## Exercise
Only the lines that contain the string "mulnC" belong in the answer; pull them from the records.

╔══

Lemma filter_pred2_inj (T : eqType) (l1 l2 : seq T) :
  (forall s t, filter (pred2 s t) l1 = filter (pred2 s t) l2) -> l1 = l2.
Proof.
elim: l1 l2 => [|u l1 IHl] [|v l2] eq_l //.
- by have := eq_l v v; rewrite /= eqxx.
- by have := eq_l u u; rewrite /= eqxx.
have := eq_l u v; rewrite /= !eqxx orbT /= => -[uv _]; subst v; congr (_ :: _); apply: IHl => s t.
by have := eq_l s t; rewrite /=; case: ifP => _ // [].
Qed.

Lemma braid_comm_equiv_eq x y : braid_equiv x y -> comm_equiv x y -> x = y.
Proof.
move=> bxy cxy; apply: (@trail_inj id) => //; apply: filter_pred2_inj => s t.
have [st|st] := boolP (meets s t).
  by apply: (clos_refl_trans_inv (f := fun x => filter _ (trail id x))) cxy => u v;
     apply: filter_trail_comm_step.
by apply: (clos_refl_trans_inv (f := fun x => filter _ (trail id x))) bxy => u v;
   apply: filter_trail_braid_step.
Qed.

(** * Counting classes *)

Lemma pbP (P : Prop) : reflect P (pb P).
Proof. by rewrite /pb; case: excluded_middle_informative => h; constructor. Qed.

Lemma clos_rt_equivalence T (r : relation T) :
  (forall x y, r x y -> r y x) -> equivalence T (clos_refl_trans _ r).
Proof.
move=> r_sym; have [refl trans] := clos_rt_is_preorder _ r.
split=> // x y; elim=> [u v ruv|u|u v w _ vu _ wv].
- exact: rt_step (r_sym _ _ ruv).
- exact: refl.
- exact: trans wv vu.
Qed.

Section Classes.

Variables (n k : nat) (A : {set k.-tuple 'I_n}).

Let word (t : k.-tuple 'I_n) : seq nat := map val (tval t).

Lemma word_inj : injective word.
Proof. by move=> t u /(inj_map val_inj)/val_inj. Qed.

Definition class_of (e : relation (seq nat)) (t : k.-tuple 'I_n) :=
  [set u in A | pb (e (word t) (word u))].

Lemma classesE e : Defs.classes A e = class_of e @: A.
Proof. by []. Qed.

Lemma class_of_eq e t u : equivalence _ e -> t \in A -> u \in A ->
  class_of e t = class_of e u <-> e (word t) (word u).
Proof.
case=> refl trans sym tA uA; split=> [eq_tu|etu].
  have : u \in class_of e u by rewrite inE uA; apply/pbP.
  by rewrite -eq_tu inE => /andP[_ /pbP].
apply/setP => v; rewrite !inE; case: (v \in A) => //=.
by apply/pbP/pbP => [etv|euv]; [apply: trans (sym _ _ etu) etv | apply: trans etu euv].
Qed.

Variables e1 e2 : relation (seq nat).
Hypotheses (equiv_e1 : equivalence _ e1) (equiv_e2 : equivalence _ e2).
Hypothesis e1_e2_eq : forall x y, e1 x y -> e2 x y -> x = y.

Lemma card_classes_single_class :
  #|Defs.classes A e1| = 1 -> #|A| = #|Defs.classes A e1| * #|Defs.classes A e2|.
Proof.
move=> /eqP/cards1P[X eqX]; rewrite eqX cards1 mul1n classesE card_in_imset //.
move=> t u tA uA /(class_of_eq equiv_e2 tA uA) e2tu; apply: word_inj.
apply: e1_e2_eq e2tu; apply/(class_of_eq equiv_e1 tA uA).
have: class_of e1 t \in [set X] by rewrite -eqX imset_f.
have: class_of e1 u \in [set X] by rewrite -eqX imset_f.
by rewrite !inE => /eqP-> /eqP->.
Qed.

(* The pairing t |-> (e1-class, e2-class) is injective, hence onto by counting,
   so every e2-class meets the singleton e1-class of z. *)
Lemma card_classes_isolated z : z \in A ->
  (forall y, e1 (word z) y -> y = word z) ->
  #|A| = #|Defs.classes A e1| * #|Defs.classes A e2| -> #|Defs.classes A e2| = 1.
Proof.
move=> zA z_iso cardA; pose pair t := (class_of e1 t, class_of e2 t).
have pair_inj : {in A &, injective pair}.
  move=> t u tA uA [/(class_of_eq equiv_e1 tA uA) e1tu /(class_of_eq equiv_e2 tA uA)].
  by move/(e1_e2_eq e1tu)/word_inj.
have pairA : pair @: A = setX (Defs.classes A e1) (Defs.classes A e2).
  apply/eqP; rewrite eqEcard cardsX -cardA card_in_imset // leqnn andbT.
  by apply/subsetP => _ /imsetP[t tA ->]; rewrite inE; apply/andP; split; apply: imset_f.
suff -> : Defs.classes A e2 = [set class_of e2 z] by rewrite cards1.
apply/eqP; rewrite eqEsubset sub1set; apply/andP; split; last exact: imset_f.
apply/subsetP => c c_cls.
have : (class_of e1 z, c) \in pair @: A.
  by rewrite pairA inE c_cls andbT; apply: imset_f.
case/imsetP=> u uA [/(class_of_eq equiv_e1 zA uA)/z_iso/word_inj -> ->].
by rewrite inE.
Qed.

End Classes.

Lemma braid_step_sym x y : braid_step x y -> braid_step y x.
Proof. by case=> a [b [i [[-> ->]|[-> ->]]]]; exists a, b, i; [right | left]. Qed.

Lemma comm_step_sym x y : comm_step x y -> comm_step y x.
Proof.
by case=> a [b [i [j [far [-> ->]]]]]; exists a, b, j, i; split=> //; case: far; [right | left].
Qed.

Lemma clos_rt_stuck T (r : relation T) x y :
  (forall z, ~ r x z) -> clos_refl_trans _ r x y -> x = y.
Proof. by move=> x_stuck /clos_rt_rt1n_iff[|z w /x_stuck]. Qed.

Theorem proposition4p8 (n : nat) (w : 'S_n.+1) :
  #|Rw w| = (#|Bw w| * #|Cw w|)%N <-> #|Bw w| = 1%N \/ #|Cw w| = 1%N.
Proof.
have equivB := clos_rt_equivalence braid_step_sym.
have equivC := clos_rt_equivalence comm_step_sym.
have comm_braid_eq x y cxy bxy := @braid_comm_equiv_eq x y bxy cxy.
split=> [cardR|[cardB|cardC]].
- have [x [xE size_x lt_x x_stuck]] := exists_stuck_reduced_word w.
  have [t tE] := word_tuple size_x lt_x.
  have tR : t \in Rw w by rewrite inE prodw_prodn tE xE.
  case: x_stuck => [b_stuck|c_stuck].
    right; apply: (card_classes_isolated equivB equivC braid_comm_equiv_eq tR) cardR.
    by rewrite tE => y /(clos_rt_stuck b_stuck).
  left; rewrite mulnC in cardR.
  apply: (card_classes_isolated equivC equivB comm_braid_eq tR) cardR.
  by rewrite tE => y /(clos_rt_stuck c_stuck).
- exact: card_classes_single_class equivB equivC braid_comm_equiv_eq cardB.
by rewrite mulnC; apply: card_classes_single_class equivC equivB comm_braid_eq cardC.
Qed.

╚══

## Response for this exercise
  left; rewrite mulnC in cardR.
by rewrite mulnC; apply: card_classes_single_class equivC equivB comm_braid_eq cardC.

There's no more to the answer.